Despite their central role in management, vascular teams are often engaged only after clinical deterioration has occurred[34]. To improve outcomes, trauma systems must proactively integrate vascular surgery into early decision-making algorithms, particularly for elderly patients with pelvic fractures and unexplained anemia, persistent tachycardia, or subtle changes in mentation or mobility[35]. A low threshold for vascular referral should be adopted, even when initial imaging suggests a stable fracture morphology. In these cases, the clinical picture—guided by frailty status, anticoagulant use, and subtle physiologic cues—should drive escalation of care[36].

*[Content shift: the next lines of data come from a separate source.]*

Lemma borel_or A B : borel d A -> borel d B -> borel d (fun x => A x \/ B x).
Proof.
  intros HA HB.
  apply borel_ext with (fun x => exists n : nat, (match n with 0%nat => A | _ => B end) x).
  - intro x; split.
    + intros [[|n] H]; auto.
    + intros [H|H]; [exists 0%nat | exists 1%nat]; exact H.
  - apply borel_exists; intros [|n]; auto.
Qed.

Lemma borel_and A B : borel d A -> borel d B -> borel d (fun x => A x /\ B x).
Proof.
  intros HA HB. apply borel_ext with (fun x => ~ (~ A x \/ ~ B x)).
  - intro x; pose proof (classic (A x)); pose proof (classic (B x)); tauto.
  - apply borel_not, borel_or; apply borel_not; auto.
Qed.

Lemma borel_const (P : Prop) : borel d (fun _ => P).
Proof.
  destruct (classic P) as [H|H].
  - apply borel_ext with (fun _ => True); [tauto | apply borel_True].
  - apply borel_ext with (fun _ => False); [tauto | apply borel_False].
Qed.

End Borel.

Definition cont_map {T1 T2} (d1 : T1 -> T1 -> R) (d2 : T2 -> T2 -> R) (g : T1 -> T2) : Prop :=
  forall x e, 0 < e -> exists del, 0 < del /\ forall y, d1 x y < del -> d2 (g x) (g y) < e.

Section Preimage.
Context {T1 T2 : Type} (d1 : T1 -> T1 -> R) (d2 : T2 -> T2 -> R) (g : T1 -> T2)
  (Hg : cont_map d1 d2 g).

Lemma open_preimage U : open_set d2 U -> open_set d1 (fun x => U (g x)).
Proof.
  intros HU x Hx. destruct (HU _ Hx) as [e [He HUe]].
  destruct (Hg x e He) as [del [Hdel Hball]]. exists del; split; auto.
Qed.

Lemma borel_preimage B : borel d2 B -> borel d1 (fun x => B (g x)).
Proof.
  intros HB S HS HO.
  apply (HB (fun C => S (fun x => C (g x)))).
  - destruct HS as [H0 [Hc Hu]]; split; [exact H0|split].
    + intros A HA; exact (Hc _ HA).
    + intros A HA; exact (Hu (fun n x => A n (g x)) HA).
  - intros U HU; apply HO, open_preimage, HU.
Qed.

End Preimage.

Lemma lip1_cont {T} (d : T -> T -> R) (h : T -> R) : lip1 d h -> cont_map d dR h.
Proof. intros Hh x e He; exists e; split; auto. intros y Hy; unfold dR; specialize (Hh x y); lra. Qed.

Lemma open_lt a : open_set dR (fun r => r < a).
Proof. intros x Hx; exists (a - x); split; [lra|]. intros y Hy; apply Rabs_lt_bounds in Hy; lra. Qed.

Lemma open_gt a : open_set dR (fun r => a < r).
Proof. intros x Hx; exists (x - a); split; [lra|]. intros y Hy; apply Rabs_lt_bounds in Hy; lra. Qed.

Lemma open_Ioo a b : open_set dR (fun r => a < r < b).
Proof.
  intros x Hx. exists (Rmin (x - a) (b - x)). split.
  - apply Rmin_glb_lt; lra.
  - intros y Hy. pose proof (Rmin_l (x - a) (b - x)). pose proof (Rmin_r (x - a) (b - x)).
    apply Rabs_lt_bounds in Hy. lra.
Qed.

Lemma borel_le b : borel dR (fun r => r <= b).
Proof.
  apply borel_ext with (fun r => ~ (b < r)); [intro; split; intro; lra|].
  apply borel_not, borel_open, open_gt.
Qed.

Lemma borel_Icc a b : borel dR (fun r => a <= r <= b).
Proof.
  apply borel_ext with (fun r => ~ (r < a \/ b < r)); [intro; split; intro; lra|].
  apply borel_not, borel_or; apply borel_open; [apply open_lt | apply open_gt].
Qed.

Section ProbabilityMeasure.
Context {T : Type} (d : T -> T -> R) (m : (T -> Prop) -> R) (Hm : borel_prob_measure d m).

Lemma measure_False : m (fun _ => False) = 0.
Proof. apply Hm. Qed.

Lemma measure_nonneg A : borel d A -> 0 <= m A.
Proof. apply Hm. Qed.

Lemma measure_True : m (fun _ => True) = 1.
Proof. apply Hm. Qed.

The evolution of endovascular techniques has made bleeding control both safer and more accessible[37], yet systemic barriers remain. Not all hospitals have round-the-clock interventional radiology or vascular surgery coverage, and interdepartmental referral pathways may be poorly defined. Addressing these gaps requires institutional commitment to trauma infrastructure, including the establishment of on-call vascular teams, shared imaging protocols, and rapid activation workflows. Trauma centers should also consider embedding vascular surgery consultation into multidisciplinary frailty fracture pathways[38], ensuring that elderly patients with subtle signs of hemorrhage receive timely intervention.

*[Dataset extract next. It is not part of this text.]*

(* Let $\vec X^m\in\underline V^h_{\partial_0}$ satisfy assumption $(\mathfrak A)$, assume $\vec\omega^m(q_j)\neq\vec0$ for all nodes $q_j\in\overline I\setminus\partial_0I$, and let $\Delta t_m>0$. Then there exists a unique pair $(\delta\vec X^{m+1},\vec\kappa^{m+1})\in\underline V^h_\partial\times\underline V^h$ such that, with $\vec X^{m+1}=\vec X^m+\delta\vec X^{m+1}$, $$\Big(\tfrac{\vec X^{m+1}-\vec X^m}{\Delta t_m},\vec\chi\,|\vec X^m_\rho|\Big)^h=\Big(\vec\kappa^{m+1}-\vec{\mathfrak K}^m(\vec\kappa^{m+1}),\vec\chi\,|\vec X^m_\rho|\Big)^h\quad\forall\,\vec\chi\in\underline V^h,$$ $$\Big(\vec\kappa^{m+1},\vec\eta\,|\vec X^m_\rho|\Big)^h+\Big(\vec X^{m+1}_\rho,\vec\eta_\rho|\vec X^m_\rho|^{-1}\Big)=-\sum_{i=1}^2\sum_{p\in\partial_iI}\widehat\varrho^{(p)}\,\vec\eta(p)\cdot\vec e_{3-i}\quad\forall\,\vec\eta\in\underline V^h_\partial .$$
   Context: Setup. $\vec e_1=(1,0)^T$, $\vec e_2=(0,1)^T$; ''$\cdot$'' is the Euclidean inner product. $I$ is either the periodic interval $\mathbb R/\mathbb Z$ (with $\partial I=\emptyset$) or $I=(0,1)$ (with $\partial I=\{0,1\}$). $\partial I=\partial_DI\cup\partial_0I\cup\partial_1I\cup\partial_2I$ is a given disjoint partition, and $\widehat\varrho^{(p)}\in\mathbb R$, $p\in\{0,1\}$, are given constants with $|\widehat\varrho^{(p)}|\le1$. Let $J\ge3$, $h=1/J$, $q_j=jh$ ($j=0,\dots,J$; $q_0=q_J$ identified in the periodic case). $V^h$ is the space of continuous functions on $\overline I$ (periodic if $I=\mathbb R/\mathbb Z$) that are affine on each $[q_{j-1},q_j]$; $\underline V^h=[V^h]^2$; $\underline V^h_{\partial_0}=\{\vec\eta\in\underline V^h:\vec\eta(\rho)\cdot\vec e_1=0\ \forall\rho\in\partial_0I\}$; $\underline V^h_\partial=\{\vec\eta\in\underline V^h_{\partial_0}:\vec\eta(\rho)\cdot\vec e_i=0\ \forall\rho\in\partial_iI,\ i=1,2;\ \vec\eta(\rho)=\vec0\ \forall\rho\in\partial_DI\}$. $(\cdot,\cdot)$ is the $L^2(I)$ inner product (with dot product for vector functions), and for piecewise continuous $f,g$ the mass-lumped product is $(f,g)^h=\tfrac h2\sum_{j=1}^J[(fg)(q_j^-)+(fg)(q_{j-1}^+)]$. For $\vec X^m\in\underline V^h_{\partial_0}$ with $|\vec X^m_\rho|>0$ a.e., set $\vec\nu^m=-[\vec X^m_\rho]^\perp/|\vec X^m_\rho|$, where $(a,b)^\perp=(b,-a)$, and let $\vec\omega^m\in\underline V^h$ be defined by $(\vec\omega^m,\vec\varphi|\vec X^m_\rho|)^h=(\vec\nu^m,\vec\varphi|\vec X^m_\rho|)$ for all $\vec\varphi\in\underline V^h$. Assumption $(\mathfrak A)$: $|\vec X^m_\rho|>0$ a.e. on $I$ and $\vec X^m(\rho)\cdot\vec e_1>0$ for all $\rho\in\overline I\setminus\partial_0I$. For $\vec\kappa\in\underline V^h$, $\vec{\mathfrak K}^m(\vec\kappa)\in\underline V^h$ is defined nodally by $\vec{\mathfrak K}^m(\vec\kappa)(q_j)=\frac{\vec\omega^m(q_j)\cdot\vec e_1}{\vec X^m(q_j)\cdot\vec e_1}\,\frac{\vec\omega^m(q_j)}{|\vec\omega^m(q_j)|^2}$ if $q_j\in\overline I\setminus\partial_0I$ and $\vec{\mathfrak K}^m(\vec\kappa)(q_j)=-\vec\kappa(q_j)$ if $q_j\in\partial_0I$. *)

From Stdlib Require Import Reals Lra Lia.
Open Scope R_scope.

Looking ahead, system-level improvements must be informed by data. Currently, the incidence of occult vascular injury in low-energy pelvic trauma is likely underreported, owing to diagnostic delays and variability in clinical suspicion[39]. Developing regional or national registries to track vascular complications in geriatric trauma could provide critical insights into risk factors, time-to-intervention metrics, and patient outcomes. Such data would help refine screening criteria, guide resource allocation, and support the development of consensus guidelines.
Education also plays a vital role. Frontline clinicians must be trained to recognize the subtle signs of pelvic vascular injury. Simulation-based training[40] and interdisciplinary case reviews can reinforce the importance of early vascular consultation in at-risk populations[41]. Additionally, frailty assessments should be coupled with bleeding risk stratification tools to flag patients who may require advanced imaging or interventional evaluation early during care.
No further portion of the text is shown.